Saved data entries:
++++++
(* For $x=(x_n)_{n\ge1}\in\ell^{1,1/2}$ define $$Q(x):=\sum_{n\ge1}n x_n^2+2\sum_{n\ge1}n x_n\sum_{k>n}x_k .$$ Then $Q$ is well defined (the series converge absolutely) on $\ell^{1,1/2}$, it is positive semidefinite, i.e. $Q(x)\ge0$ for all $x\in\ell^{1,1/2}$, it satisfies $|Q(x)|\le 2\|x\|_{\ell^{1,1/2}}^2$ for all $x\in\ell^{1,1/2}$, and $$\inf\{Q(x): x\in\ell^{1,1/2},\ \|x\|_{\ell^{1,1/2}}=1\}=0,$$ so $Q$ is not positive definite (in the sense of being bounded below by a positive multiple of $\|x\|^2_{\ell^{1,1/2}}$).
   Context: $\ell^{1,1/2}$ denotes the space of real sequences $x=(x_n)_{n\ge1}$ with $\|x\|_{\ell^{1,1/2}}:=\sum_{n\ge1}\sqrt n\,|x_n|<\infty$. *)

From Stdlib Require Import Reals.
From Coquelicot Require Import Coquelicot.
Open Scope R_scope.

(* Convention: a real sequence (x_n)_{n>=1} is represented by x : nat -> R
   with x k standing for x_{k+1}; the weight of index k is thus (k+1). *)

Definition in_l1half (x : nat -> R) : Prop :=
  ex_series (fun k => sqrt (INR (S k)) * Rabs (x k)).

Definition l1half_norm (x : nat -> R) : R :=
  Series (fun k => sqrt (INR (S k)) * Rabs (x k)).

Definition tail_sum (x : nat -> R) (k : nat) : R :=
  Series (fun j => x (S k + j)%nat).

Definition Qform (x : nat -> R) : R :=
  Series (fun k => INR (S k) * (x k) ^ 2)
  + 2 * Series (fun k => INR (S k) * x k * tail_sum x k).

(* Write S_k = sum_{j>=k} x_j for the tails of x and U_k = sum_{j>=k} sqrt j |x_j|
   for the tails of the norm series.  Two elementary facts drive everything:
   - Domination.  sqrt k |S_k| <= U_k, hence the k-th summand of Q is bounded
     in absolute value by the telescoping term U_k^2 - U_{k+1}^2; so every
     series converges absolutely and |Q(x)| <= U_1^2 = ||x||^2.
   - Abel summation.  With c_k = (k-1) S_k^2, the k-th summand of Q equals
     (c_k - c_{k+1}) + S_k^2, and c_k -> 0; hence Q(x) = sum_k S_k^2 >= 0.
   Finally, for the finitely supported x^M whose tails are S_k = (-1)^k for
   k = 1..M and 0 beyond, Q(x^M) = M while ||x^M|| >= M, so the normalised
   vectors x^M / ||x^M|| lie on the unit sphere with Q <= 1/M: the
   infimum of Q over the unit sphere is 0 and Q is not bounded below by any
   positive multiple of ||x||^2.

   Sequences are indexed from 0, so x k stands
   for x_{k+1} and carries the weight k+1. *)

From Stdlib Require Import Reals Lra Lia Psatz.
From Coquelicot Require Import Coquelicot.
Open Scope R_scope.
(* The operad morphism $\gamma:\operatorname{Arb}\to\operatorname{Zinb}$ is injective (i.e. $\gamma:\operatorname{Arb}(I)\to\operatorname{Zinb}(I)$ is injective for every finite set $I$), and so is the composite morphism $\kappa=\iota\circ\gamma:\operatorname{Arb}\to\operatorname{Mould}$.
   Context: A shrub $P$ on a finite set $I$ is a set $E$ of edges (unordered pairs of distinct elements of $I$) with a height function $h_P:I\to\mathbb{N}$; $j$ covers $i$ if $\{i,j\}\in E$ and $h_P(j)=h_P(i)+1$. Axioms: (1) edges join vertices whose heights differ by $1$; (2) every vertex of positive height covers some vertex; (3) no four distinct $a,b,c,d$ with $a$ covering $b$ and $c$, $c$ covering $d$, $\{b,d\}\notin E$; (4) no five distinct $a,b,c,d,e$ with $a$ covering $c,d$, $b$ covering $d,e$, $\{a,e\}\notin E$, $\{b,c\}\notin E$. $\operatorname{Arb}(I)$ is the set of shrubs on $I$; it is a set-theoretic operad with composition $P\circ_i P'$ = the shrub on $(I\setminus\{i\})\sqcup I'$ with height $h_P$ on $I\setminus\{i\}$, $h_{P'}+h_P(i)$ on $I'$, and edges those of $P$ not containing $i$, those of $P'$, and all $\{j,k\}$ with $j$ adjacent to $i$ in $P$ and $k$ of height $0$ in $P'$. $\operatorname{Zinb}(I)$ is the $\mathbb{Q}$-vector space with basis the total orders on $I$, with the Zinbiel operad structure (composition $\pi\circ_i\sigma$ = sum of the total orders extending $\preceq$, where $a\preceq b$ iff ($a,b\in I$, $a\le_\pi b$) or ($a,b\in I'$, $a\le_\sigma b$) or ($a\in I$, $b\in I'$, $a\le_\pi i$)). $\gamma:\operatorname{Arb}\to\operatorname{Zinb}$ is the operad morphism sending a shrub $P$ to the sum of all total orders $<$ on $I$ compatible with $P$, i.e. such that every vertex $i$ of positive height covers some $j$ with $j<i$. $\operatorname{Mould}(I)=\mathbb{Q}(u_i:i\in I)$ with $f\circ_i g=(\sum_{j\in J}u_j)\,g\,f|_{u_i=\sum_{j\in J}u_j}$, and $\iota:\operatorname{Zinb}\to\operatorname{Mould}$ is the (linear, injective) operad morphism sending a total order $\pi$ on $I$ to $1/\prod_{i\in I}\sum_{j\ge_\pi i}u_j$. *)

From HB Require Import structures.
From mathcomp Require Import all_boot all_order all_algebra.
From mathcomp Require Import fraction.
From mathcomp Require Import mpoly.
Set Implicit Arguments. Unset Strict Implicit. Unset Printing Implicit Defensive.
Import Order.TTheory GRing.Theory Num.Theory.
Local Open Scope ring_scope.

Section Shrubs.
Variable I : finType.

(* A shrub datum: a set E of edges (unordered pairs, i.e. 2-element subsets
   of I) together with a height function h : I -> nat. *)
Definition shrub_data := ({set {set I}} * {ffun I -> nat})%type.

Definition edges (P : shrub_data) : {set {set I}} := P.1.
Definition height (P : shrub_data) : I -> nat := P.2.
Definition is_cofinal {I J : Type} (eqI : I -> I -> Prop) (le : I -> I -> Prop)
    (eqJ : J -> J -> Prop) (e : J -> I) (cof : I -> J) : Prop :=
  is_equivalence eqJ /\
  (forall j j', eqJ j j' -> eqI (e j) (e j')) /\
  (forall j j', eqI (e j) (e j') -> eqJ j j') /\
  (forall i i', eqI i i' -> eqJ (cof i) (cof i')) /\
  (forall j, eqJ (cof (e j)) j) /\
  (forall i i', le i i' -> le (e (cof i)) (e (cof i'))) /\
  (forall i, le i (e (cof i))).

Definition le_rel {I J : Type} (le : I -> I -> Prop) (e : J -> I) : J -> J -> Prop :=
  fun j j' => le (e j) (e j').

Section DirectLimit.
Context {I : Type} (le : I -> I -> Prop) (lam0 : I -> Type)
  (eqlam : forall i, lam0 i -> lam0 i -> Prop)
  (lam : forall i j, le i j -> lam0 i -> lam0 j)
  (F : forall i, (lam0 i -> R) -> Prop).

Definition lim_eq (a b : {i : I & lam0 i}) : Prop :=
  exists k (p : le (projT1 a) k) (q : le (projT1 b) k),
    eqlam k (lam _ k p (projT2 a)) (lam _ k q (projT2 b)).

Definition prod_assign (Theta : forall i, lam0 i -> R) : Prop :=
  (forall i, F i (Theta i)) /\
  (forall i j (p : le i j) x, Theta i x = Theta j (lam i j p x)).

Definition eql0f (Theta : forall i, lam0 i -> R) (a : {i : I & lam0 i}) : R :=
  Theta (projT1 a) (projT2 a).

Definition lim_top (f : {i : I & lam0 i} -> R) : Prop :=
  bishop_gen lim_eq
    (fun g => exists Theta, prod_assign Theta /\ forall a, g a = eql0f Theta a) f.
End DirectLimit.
++++++
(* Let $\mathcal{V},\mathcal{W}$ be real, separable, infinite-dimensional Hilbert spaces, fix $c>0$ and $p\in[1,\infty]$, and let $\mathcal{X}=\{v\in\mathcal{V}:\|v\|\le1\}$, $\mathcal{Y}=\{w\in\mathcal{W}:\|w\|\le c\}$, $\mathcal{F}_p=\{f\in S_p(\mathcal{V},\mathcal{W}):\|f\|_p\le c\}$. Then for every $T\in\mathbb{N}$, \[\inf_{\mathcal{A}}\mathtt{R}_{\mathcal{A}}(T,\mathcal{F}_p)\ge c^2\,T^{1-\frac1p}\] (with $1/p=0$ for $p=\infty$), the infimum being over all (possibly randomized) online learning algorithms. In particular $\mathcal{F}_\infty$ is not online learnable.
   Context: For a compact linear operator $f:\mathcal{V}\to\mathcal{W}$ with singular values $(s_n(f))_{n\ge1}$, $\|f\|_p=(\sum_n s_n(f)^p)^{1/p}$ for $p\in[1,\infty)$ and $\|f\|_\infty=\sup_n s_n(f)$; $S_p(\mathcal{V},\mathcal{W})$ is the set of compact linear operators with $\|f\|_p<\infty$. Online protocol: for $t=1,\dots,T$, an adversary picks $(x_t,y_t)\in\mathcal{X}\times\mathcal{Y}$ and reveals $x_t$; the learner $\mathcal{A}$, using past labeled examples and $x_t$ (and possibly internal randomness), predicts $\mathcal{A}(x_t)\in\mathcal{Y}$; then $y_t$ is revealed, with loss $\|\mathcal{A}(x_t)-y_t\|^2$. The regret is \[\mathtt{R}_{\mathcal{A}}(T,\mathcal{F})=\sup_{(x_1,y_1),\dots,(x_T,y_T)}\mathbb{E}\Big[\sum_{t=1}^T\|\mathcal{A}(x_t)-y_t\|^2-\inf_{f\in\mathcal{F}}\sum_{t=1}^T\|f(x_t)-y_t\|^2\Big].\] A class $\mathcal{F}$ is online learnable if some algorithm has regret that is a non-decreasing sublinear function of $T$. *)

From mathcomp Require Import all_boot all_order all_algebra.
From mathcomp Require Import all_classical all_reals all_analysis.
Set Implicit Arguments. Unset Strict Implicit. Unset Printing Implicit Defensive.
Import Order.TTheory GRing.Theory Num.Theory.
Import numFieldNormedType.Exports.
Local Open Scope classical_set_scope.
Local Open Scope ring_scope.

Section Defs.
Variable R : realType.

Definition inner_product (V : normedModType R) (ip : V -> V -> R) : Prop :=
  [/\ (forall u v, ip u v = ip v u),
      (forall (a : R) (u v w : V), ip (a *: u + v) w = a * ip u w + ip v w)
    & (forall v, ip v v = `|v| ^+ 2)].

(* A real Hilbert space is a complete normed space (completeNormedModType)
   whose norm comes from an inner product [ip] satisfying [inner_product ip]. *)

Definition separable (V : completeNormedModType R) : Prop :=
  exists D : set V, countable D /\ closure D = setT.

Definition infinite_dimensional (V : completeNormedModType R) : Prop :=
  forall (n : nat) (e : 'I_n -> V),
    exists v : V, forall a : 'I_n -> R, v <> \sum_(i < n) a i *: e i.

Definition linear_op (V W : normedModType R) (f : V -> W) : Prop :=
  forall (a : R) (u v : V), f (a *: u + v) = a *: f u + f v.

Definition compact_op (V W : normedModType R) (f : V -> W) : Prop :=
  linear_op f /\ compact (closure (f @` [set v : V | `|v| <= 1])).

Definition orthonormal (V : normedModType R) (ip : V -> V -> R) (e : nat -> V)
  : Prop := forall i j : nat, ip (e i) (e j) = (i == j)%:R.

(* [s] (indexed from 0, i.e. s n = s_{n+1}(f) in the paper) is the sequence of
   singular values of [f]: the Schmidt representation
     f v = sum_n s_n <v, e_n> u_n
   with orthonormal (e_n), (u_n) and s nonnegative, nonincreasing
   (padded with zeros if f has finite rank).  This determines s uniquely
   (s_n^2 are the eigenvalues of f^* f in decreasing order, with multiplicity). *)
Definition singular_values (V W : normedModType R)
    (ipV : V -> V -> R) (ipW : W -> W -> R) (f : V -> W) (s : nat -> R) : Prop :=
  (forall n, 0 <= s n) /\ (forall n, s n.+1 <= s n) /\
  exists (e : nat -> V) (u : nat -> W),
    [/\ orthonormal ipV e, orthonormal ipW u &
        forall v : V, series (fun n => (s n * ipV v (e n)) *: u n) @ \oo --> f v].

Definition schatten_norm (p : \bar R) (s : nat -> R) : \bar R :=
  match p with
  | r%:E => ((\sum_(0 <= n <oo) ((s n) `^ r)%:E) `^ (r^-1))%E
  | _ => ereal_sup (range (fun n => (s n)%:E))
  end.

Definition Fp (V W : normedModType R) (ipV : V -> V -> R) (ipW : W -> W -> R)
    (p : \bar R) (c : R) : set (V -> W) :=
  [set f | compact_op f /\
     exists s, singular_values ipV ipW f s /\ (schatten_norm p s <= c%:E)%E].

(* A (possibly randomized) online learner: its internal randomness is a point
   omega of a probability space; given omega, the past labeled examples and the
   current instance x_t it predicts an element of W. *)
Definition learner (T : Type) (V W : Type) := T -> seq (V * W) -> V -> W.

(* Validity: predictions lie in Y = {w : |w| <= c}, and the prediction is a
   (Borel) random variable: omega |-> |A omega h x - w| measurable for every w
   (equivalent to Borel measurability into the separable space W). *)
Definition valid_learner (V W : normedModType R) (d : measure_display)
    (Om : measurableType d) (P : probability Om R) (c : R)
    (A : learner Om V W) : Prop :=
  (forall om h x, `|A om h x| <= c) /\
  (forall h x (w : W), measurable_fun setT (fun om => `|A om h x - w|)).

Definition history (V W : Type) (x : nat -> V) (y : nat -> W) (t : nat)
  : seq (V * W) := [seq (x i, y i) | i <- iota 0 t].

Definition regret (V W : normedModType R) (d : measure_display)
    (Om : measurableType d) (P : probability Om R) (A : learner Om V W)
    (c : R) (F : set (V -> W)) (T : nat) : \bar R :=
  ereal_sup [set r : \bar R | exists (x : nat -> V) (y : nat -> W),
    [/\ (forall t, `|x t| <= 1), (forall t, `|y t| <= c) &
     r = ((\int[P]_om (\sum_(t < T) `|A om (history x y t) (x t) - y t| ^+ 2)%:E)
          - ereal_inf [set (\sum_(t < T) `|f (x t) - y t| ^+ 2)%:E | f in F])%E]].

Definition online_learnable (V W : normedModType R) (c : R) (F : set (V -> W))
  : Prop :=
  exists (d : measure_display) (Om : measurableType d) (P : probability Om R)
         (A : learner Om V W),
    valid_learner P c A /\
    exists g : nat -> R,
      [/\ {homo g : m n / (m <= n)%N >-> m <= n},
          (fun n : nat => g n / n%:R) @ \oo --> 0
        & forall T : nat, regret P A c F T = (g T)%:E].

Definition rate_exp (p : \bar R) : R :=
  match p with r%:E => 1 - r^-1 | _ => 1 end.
++++++
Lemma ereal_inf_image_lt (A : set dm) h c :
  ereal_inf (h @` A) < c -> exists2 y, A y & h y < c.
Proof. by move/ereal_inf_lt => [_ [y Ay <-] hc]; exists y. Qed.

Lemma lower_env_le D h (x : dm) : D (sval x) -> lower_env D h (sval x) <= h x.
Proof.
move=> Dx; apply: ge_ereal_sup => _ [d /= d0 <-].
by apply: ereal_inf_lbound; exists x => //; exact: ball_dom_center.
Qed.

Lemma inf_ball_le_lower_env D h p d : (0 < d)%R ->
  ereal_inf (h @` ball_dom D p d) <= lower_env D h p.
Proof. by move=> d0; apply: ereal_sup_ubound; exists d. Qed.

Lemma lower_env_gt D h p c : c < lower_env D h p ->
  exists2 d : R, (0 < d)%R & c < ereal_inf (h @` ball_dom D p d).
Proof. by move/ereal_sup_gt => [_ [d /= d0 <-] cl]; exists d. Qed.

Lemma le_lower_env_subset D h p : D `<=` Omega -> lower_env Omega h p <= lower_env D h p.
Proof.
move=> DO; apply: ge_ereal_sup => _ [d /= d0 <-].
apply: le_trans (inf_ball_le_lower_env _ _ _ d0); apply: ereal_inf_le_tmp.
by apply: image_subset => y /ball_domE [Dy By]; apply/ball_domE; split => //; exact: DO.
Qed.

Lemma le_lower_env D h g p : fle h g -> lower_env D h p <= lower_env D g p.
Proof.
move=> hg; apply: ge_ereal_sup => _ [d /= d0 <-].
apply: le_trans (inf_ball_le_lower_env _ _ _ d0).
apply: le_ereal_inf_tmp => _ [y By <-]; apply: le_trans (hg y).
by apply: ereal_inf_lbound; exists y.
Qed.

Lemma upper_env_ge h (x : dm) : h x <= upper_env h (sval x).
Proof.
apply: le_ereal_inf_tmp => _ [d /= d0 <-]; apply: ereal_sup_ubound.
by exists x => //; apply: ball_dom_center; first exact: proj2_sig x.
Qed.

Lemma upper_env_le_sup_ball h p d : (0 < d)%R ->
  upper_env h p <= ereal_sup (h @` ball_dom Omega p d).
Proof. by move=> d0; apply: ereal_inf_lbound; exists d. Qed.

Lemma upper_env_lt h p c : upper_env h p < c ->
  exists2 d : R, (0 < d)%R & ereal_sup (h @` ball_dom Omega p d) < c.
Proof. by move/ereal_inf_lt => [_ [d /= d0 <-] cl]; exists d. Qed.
++++++
• **EXERCISE PROMPT**
Please output exactly the lines between the one holding "exists D : set" and the one holding "[set f | compact_op f /\" in the records above, inclusive, and nothing more.

• **TASK SOLUTION**
  exists D : set V, countable D /\ closure D = setT.

Definition infinite_dimensional (V : completeNormedModType R) : Prop :=
  forall (n : nat) (e : 'I_n -> V),
    exists v : V, forall a : 'I_n -> R, v <> \sum_(i < n) a i *: e i.

Definition linear_op (V W : normedModType R) (f : V -> W) : Prop :=
  forall (a : R) (u v : V), f (a *: u + v) = a *: f u + f v.

Definition compact_op (V W : normedModType R) (f : V -> W) : Prop :=
  linear_op f /\ compact (closure (f @` [set v : V | `|v| <= 1])).

Definition orthonormal (V : normedModType R) (ip : V -> V -> R) (e : nat -> V)
  : Prop := forall i j : nat, ip (e i) (e j) = (i == j)%:R.

(* [s] (indexed from 0, i.e. s n = s_{n+1}(f) in the paper) is the sequence of
   singular values of [f]: the Schmidt representation
     f v = sum_n s_n <v, e_n> u_n
   with orthonormal (e_n), (u_n) and s nonnegative, nonincreasing
   (padded with zeros if f has finite rank).  This determines s uniquely
   (s_n^2 are the eigenvalues of f^* f in decreasing order, with multiplicity). *)
Definition singular_values (V W : normedModType R)
    (ipV : V -> V -> R) (ipW : W -> W -> R) (f : V -> W) (s : nat -> R) : Prop :=
  (forall n, 0 <= s n) /\ (forall n, s n.+1 <= s n) /\
  exists (e : nat -> V) (u : nat -> W),
    [/\ orthonormal ipV e, orthonormal ipW u &
        forall v : V, series (fun n => (s n * ipV v (e n)) *: u n) @ \oo --> f v].

Definition schatten_norm (p : \bar R) (s : nat -> R) : \bar R :=
  match p with
  | r%:E => ((\sum_(0 <= n <oo) ((s n) `^ r)%:E) `^ (r^-1))%E
  | _ => ereal_sup (range (fun n => (s n)%:E))
  end.

Definition Fp (V W : normedModType R) (ipV : V -> V -> R) (ipW : W -> W -> R)
    (p : \bar R) (c : R) : set (V -> W) :=
  [set f | compact_op f /\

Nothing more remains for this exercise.